Research Article: Release from Cross-Orientation Suppression Facilitates 3D Shape Perception

Date Published: December 16, 2009

Publisher: Public Library of Science

Author(s): Andrea Li, Qasim Zaidi, David Whitney.

Abstract: Cross-orientation suppression (COS) in striate cortex has been implicated in the efficient encoding of visual stimuli. We show that release from COS facilitates the decoding of 3-D shape. In planar surfaces overlaid with textures, slanting the surface can increase the visibility of the component parallel to the slant. Since this component provides the orientation flows that signify 3-D shape, the enhancement of visibility facilitates 3-D slant perception. Contrast thresholds reveal that this enhancement results from a decrease in COS when 3-D slant creates a frequency mismatch between texture components. We show that coupling compressive nonlinearities in LGN neurons with expansive nonlinearities in cortical neurons can model the frequency-specific component of suppression.

Partial Text: In the perspective image of a slanted textured surface, oriented components of the texture that are aligned with the 3-D slant converge to form orientation flows ([1], [2], [3]), while components orthogonal to the slant increase in frequency (Figure 1a).

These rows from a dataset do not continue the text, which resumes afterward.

(* Let $\lambda\in P$ and integers $a\ge2$, $b\ge1$, $d\ge1$, $m\ge1$. (i) If $\lambda$ has a neighborhood of type $(a+d,b)$, then $\lambda$ has $d+1$ neighborhoods of type $(a,b)$. (ii) If $\lambda$ has a neighborhood of type $(m(a-1)+1,mb)$, then $\lambda$ has a neighborhood of type $(a,b)$.
   Context: Let $P=\mathbb Z^n$. For $\lambda\in P$, $\rho(\lambda)$ is the unique permutation of $(\frac{n-1}2,\frac{n-3}2,\dots,-\frac{n-1}2)$ with $\rho(\lambda)_i>\rho(\lambda)_j$ iff $\lambda_i>\lambda_j$ or ($\lambda_i=\lambda_j$ and $i<j$). For integers $a\ge2,b\ge1$, an ordered pair $(i,j)$ of indices is a neighborhood of type $(a,b)$ in $\lambda$ if $\rho(\lambda)_i-\rho(\lambda)_j=a-1$ and either $\lambda_i-\lambda_j\le b-1$, or $\lambda_i-\lambda_j=b$ and $j<i$. (Distinct pairs count as distinct neighborhoods.) *)

From mathcomp Require Import all_boot all_order all_algebra.
Set Implicit Arguments. Unset Strict Implicit. Unset Printing Implicit Defensive.
Import Order.TTheory GRing.Theory Num.Theory.
Local Open Scope ring_scope.

(* Weights: lambda in P = Z^n is a function 'I_n -> int. *)

Definition rho_rank (n : nat) (lam : 'I_n -> int) (i : 'I_n) : nat :=
  #|[set j : 'I_n | (lam i < lam j) || ((lam j == lam i) && (j < i)%N)]|.

(* rho(lambda)_i : the entry of ((n-1)/2, (n-3)/2, ..., -(n-1)/2) placed at i,
   i.e. (n-1)/2 - rank_i, so that rho_i > rho_j iff
   lambda_i > lambda_j or (lambda_i = lambda_j and i < j). *)
Definition rho (n : nat) (lam : 'I_n -> int) (i : 'I_n) : rat :=
  ((n%:R - 1) / 2%:R) - (rho_rank lam i)%:R.

Definition is_nbhd (n : nat) (lam : 'I_n -> int) (a b : int) (i j : 'I_n) : bool :=
  (rho lam i - rho lam j == (a - 1)%:~R) &&
  ((lam i - lam j <= b - 1) || ((lam i - lam j == b) && (j < i)%N)).

Definition nbhds (n : nat) (lam : 'I_n -> int) (a b : int) : {set 'I_n * 'I_n} :=
  [set p : 'I_n * 'I_n | is_nbhd lam a b p.1 p.2].

(* Encode the order defining rho by the integer key [lam i * n - i]: ties in
   [lam] are broken by the index, and the key is strictly decreasing along
   the rank.  A pair (i, j) is then a neighborhood of type (a, b) exactly when
   the rank of j exceeds that of i by a - 1 and [key i < key j + b n].
   (i) Every pair of indices at rank distance a - 1 lying between the ranks of
   a neighborhood of type (a + d, b) is a neighborhood of type (a, b), and
   there are d + 1 of them.
   (ii) Cut a neighborhood of type (m(a-1)+1, mb) into m steps of rank
   distance a - 1; if none of them were of type (a, b), the key would drop by
   at least b n at each step, i.e. by m b n in total, which is too much. *)

From mathcomp Require Import all_boot all_order all_algebra.
From mathcomp Require Import zify ring.
Set Implicit Arguments. Unset Strict Implicit.
Import Order.TTheory GRing.Theory Num.Theory.
Local Open Scope ring_scope.

Section RankKey.
Variables (n : nat) (lam : 'I_n -> int).
Local Notation rank := (rho_rank lam).

Definition key (i : 'I_n) : int := lam i * n%:Z - (i : nat)%:Z.

Lemma precedes_key i j :
  ((lam i < lam j) || ((lam j == lam i) && (j < i)%N)) = (key i < key j).
Proof.
rewrite /key; have hi := ltn_ord i; have hj := ltn_ord j.
case: (ltrgtP (lam i) (lam j)) => h /=.
- by symmetry; apply/idP; nia.
- by symmetry; apply/negbTE; rewrite -leNgt; nia.
- by rewrite h; apply/idP/idP; lia.
Qed.

Lemma key_inj : injective key.
Proof.
move=> i j eq_key; apply: val_inj.
have := precedes_key i j; have := precedes_key j i; rewrite eq_key ltxx.
case: (ltrgtP (lam i) (lam j)) => //= eq_lam _ _.
by move: eq_key; rewrite /key eq_lam => /addrI /oppr_inj [].
Qed.

Lemma rankE i : rank i = #|[set j | key i < key j]|.
Proof. by apply: eq_card => j; rewrite !inE precedes_key. Qed.

Lemma rank_lt i : (rank i < n)%N.
Proof.
rewrite rankE -[X in (_ < X)%N](card_ord n); apply: proper_card.
by apply/properP; split; [apply/subsetP | exists i; rewrite ?inE ?ltxx].
Qed.

Lemma rank_gt_key i j : key i < key j -> (rank j < rank i)%N.
Proof.
move=> lt_ij; rewrite !rankE; apply: proper_card; apply/properP; split.
  by apply/subsetP => k; rewrite !inE => /(lt_trans lt_ij).
by exists j; rewrite !inE ?ltxx ?lt_ij.
Qed.

Lemma key_ge_rank i j : (rank i <= rank j)%N -> key j <= key i.
Proof. by move=> le_ij; rewrite leNgt; apply/negP => /rank_gt_key; lia. Qed.

Lemma rank_inj : injective rank.
Proof.
move=> i j eq_rank; case: (ltrgtP (key i) (key j)) => [||/key_inj //].
- by move/rank_gt_key; rewrite eq_rank ltnn.
- by move/rank_gt_key; rewrite eq_rank ltnn.
Qed.

(* [i0] is a default value, only returned for ranks [k >= n]. *)
Definition unrank (i0 : 'I_n) (k : nat) : 'I_n :=
  odflt i0 [pick x | rank x == k].

Lemma rank_unrank i0 k : (k < n)%N -> rank (unrank i0 k) = k.
Proof.
move=> lt_kn; rewrite /unrank; case: pickP => [x /eqP //|no_x] /=.
pose rank_ord i := Ordinal (rank_lt i).
have rank_ord_inj : injective rank_ord by move=> x y [/rank_inj].
have /codomP [x /(congr1 val) /= eq_x] := injF_onto rank_ord_inj (Ordinal lt_kn).
by move: (no_x x); rewrite eq_x eqxx.
Qed.

Lemma unrank_rank i0 i : unrank i0 (rank i) = i.
Proof. by apply: rank_inj; rewrite rank_unrank // rank_lt. Qed.

Lemma rho_sub i j : rho lam i - rho lam j = ((rank j)%:Z - (rank i)%:Z)%:~R.
Proof. by rewrite /rho intrB -!pmulrn; ring. Qed.

Lemma is_nbhdE a b i j : is_nbhd lam a b i j =
  ((rank j)%:Z - (rank i)%:Z == a - 1) && (key i < key j + b * n%:Z).
Proof.
rewrite /is_nbhd rho_sub eqr_int; congr (_ && _).
rewrite /key; have hi := ltn_ord i; have hj := ltn_ord j.
case: (ltrgtP (lam i - lam j) b) => h.
- have -> /= : lam i - lam j <= b - 1 by lia.
  by symmetry; apply/idP; nia.
- have -> /= : lam i - lam j <= b - 1 = false by lia.
  by symmetry; apply/negbTE; rewrite -leNgt; nia.
- have -> /= : lam i - lam j <= b - 1 = false by lia.
  have -> : lam i = lam j + b by lia.
  by apply/idP/idP; lia.
Qed.

Lemma is_nbhd_inner a c b i j i' j' :
  is_nbhd lam c b i j -> (rank i <= rank i')%N -> (rank j' <= rank j)%N ->
  (rank j')%:Z - (rank i')%:Z = a - 1 -> is_nbhd lam a b i' j'.
Proof.
rewrite !is_nbhdE => /andP [_ near_ij] /key_ge_rank le_i /key_ge_rank le_j dist.
by rewrite dist eqxx /=; lia.
Qed.

Lemma nbhd_card_ge a b (d : nat) i j :
  1 <= a -> is_nbhd lam (a + d%:Z) b i j -> (d.+1 <= #|nbhds lam a b|)%N.
Proof.
move=> a_ge1 nbhd_ij; have := nbhd_ij; rewrite is_nbhdE => /andP [/eqP dist _].
have lt_j := rank_lt j.
pose A := `|a - 1|%N; have eA : a - 1 = A%:Z by lia.
pose pair (t : 'I_d.+1) :=
  (unrank i (rank i + t)%N, unrank i (rank i + t + A)%N).
have pair_inj : injective pair.
  move=> t1 t2; have := ltn_ord t1; have := ltn_ord t2 => lt2 lt1.
  case=> /(congr1 rank); rewrite !rank_unrank; try lia.
  by move=> eq_t _; apply: ord_inj; lia.
rewrite -[d.+1]card_ord -cardsT -(card_imset _ pair_inj).
apply: subset_leq_card; apply/subsetP => _ /imsetP [t _ ->].
have := ltn_ord t => lt_t.
rewrite inE; apply: (is_nbhd_inner nbhd_ij); rewrite /= ?rank_unrank; lia.
Qed.

Lemma key_drop_no_nbhd a b x k :
  1 <= a -> nbhds lam a b = set0 ->
  (rank x + k * `|a - 1|%N < n)%N ->
  key (unrank x (rank x + k * `|a - 1|%N)) + k%:Z * b * n%:Z <= key x.
Proof.
move=> a_ge1 no_nbhd; set A := `|a - 1|%N; have eA : a - 1 = A%:Z by lia.
elim: k => [|k IH] lt_kn; first by rewrite addn0 unrank_rank mul0r mul0r addr0.
have lt_k : (rank x + k * A < n)%N by move: lt_kn; rewrite mulSn; lia.
have := in_set0 (unrank x (rank x + k * A), unrank x (rank x + k.+1 * A)).
rewrite -no_nbhd inE is_nbhdE !rank_unrank // mulSn.
have -> /= : (rank x + (A + k * A))%N%:Z - (rank x + k * A)%N%:Z == a - 1.
  by apply/eqP; lia.
move=> /negbT; rewrite -leNgt; have := IH lt_k; rewrite -addn1 PoszD; lia.
Qed.

Lemma nbhd_of_scaled_nbhd a b (m : nat) i j :
  1 <= a -> is_nbhd lam (m%:Z * (a - 1) + 1) (m%:Z * b) i j ->
  nbhds lam a b != set0.
Proof.
move=> a_ge1; rewrite is_nbhdE => /andP [/eqP dist near_ij].
apply/negP => /eqP no_nbhd.
have rank_j : rank j = (rank i + m * `|a - 1|%N)%N by lia.
have := key_drop_no_nbhd (x := i) (k := m) a_ge1 no_nbhd; rewrite -rank_j unrank_rank.
by move=> /(_ (rank_lt j)); lia.
Qed.

End RankKey.

Theorem lemma4p2 (n : nat) (lam : 'I_n -> int) (a b d m : int) :
  2 <= a -> 1 <= b -> 1 <= d -> 1 <= m ->
  ((nbhds lam (a + d) b != set0) ->
     (`|d|%N.+1 <= #|nbhds lam a b|)%N) /\
  ((nbhds lam (m * (a - 1) + 1) (m * b) != set0) ->
     (nbhds lam a b != set0)).
Proof.
move=> a_ge2 _ d_ge1 m_ge1.
have a_ge1 : 1 <= a by lia.
have [d_ge0 m_ge0] : 0 <= d /\ 0 <= m by split; lia.
split; case/set0Pn => [[i j]]; rewrite inE /=.
- by rewrite -{1}(gez0_abs d_ge0); apply: nbhd_card_ge.
- by rewrite -{1 2}(gez0_abs m_ge0); apply: nbhd_of_scaled_nbhd.
Qed.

On casual observation, the horizontal component appears perceptually more salient than other components when a surface is slanted (Figure 1a, top left and right) than it does when the surface is parallel to the frontal plane (Figure 1a, top center). The increase in saliency is more pronounced in complex texture patterns, e.g. the octotropic plaid, which consists of eight gratings of the same frequency, equally spaced in orientation (Figure 1a bottom). Since these converging orientation flows play a critical role in conveying the perceived 3-D slant and shape of the surface ([3], [4], [5], [6]), an increase in their saliency should enhance the 3-D perceived slant. The goal of this work is to examine the neural mechanisms that enhance the visibility of orientation flows.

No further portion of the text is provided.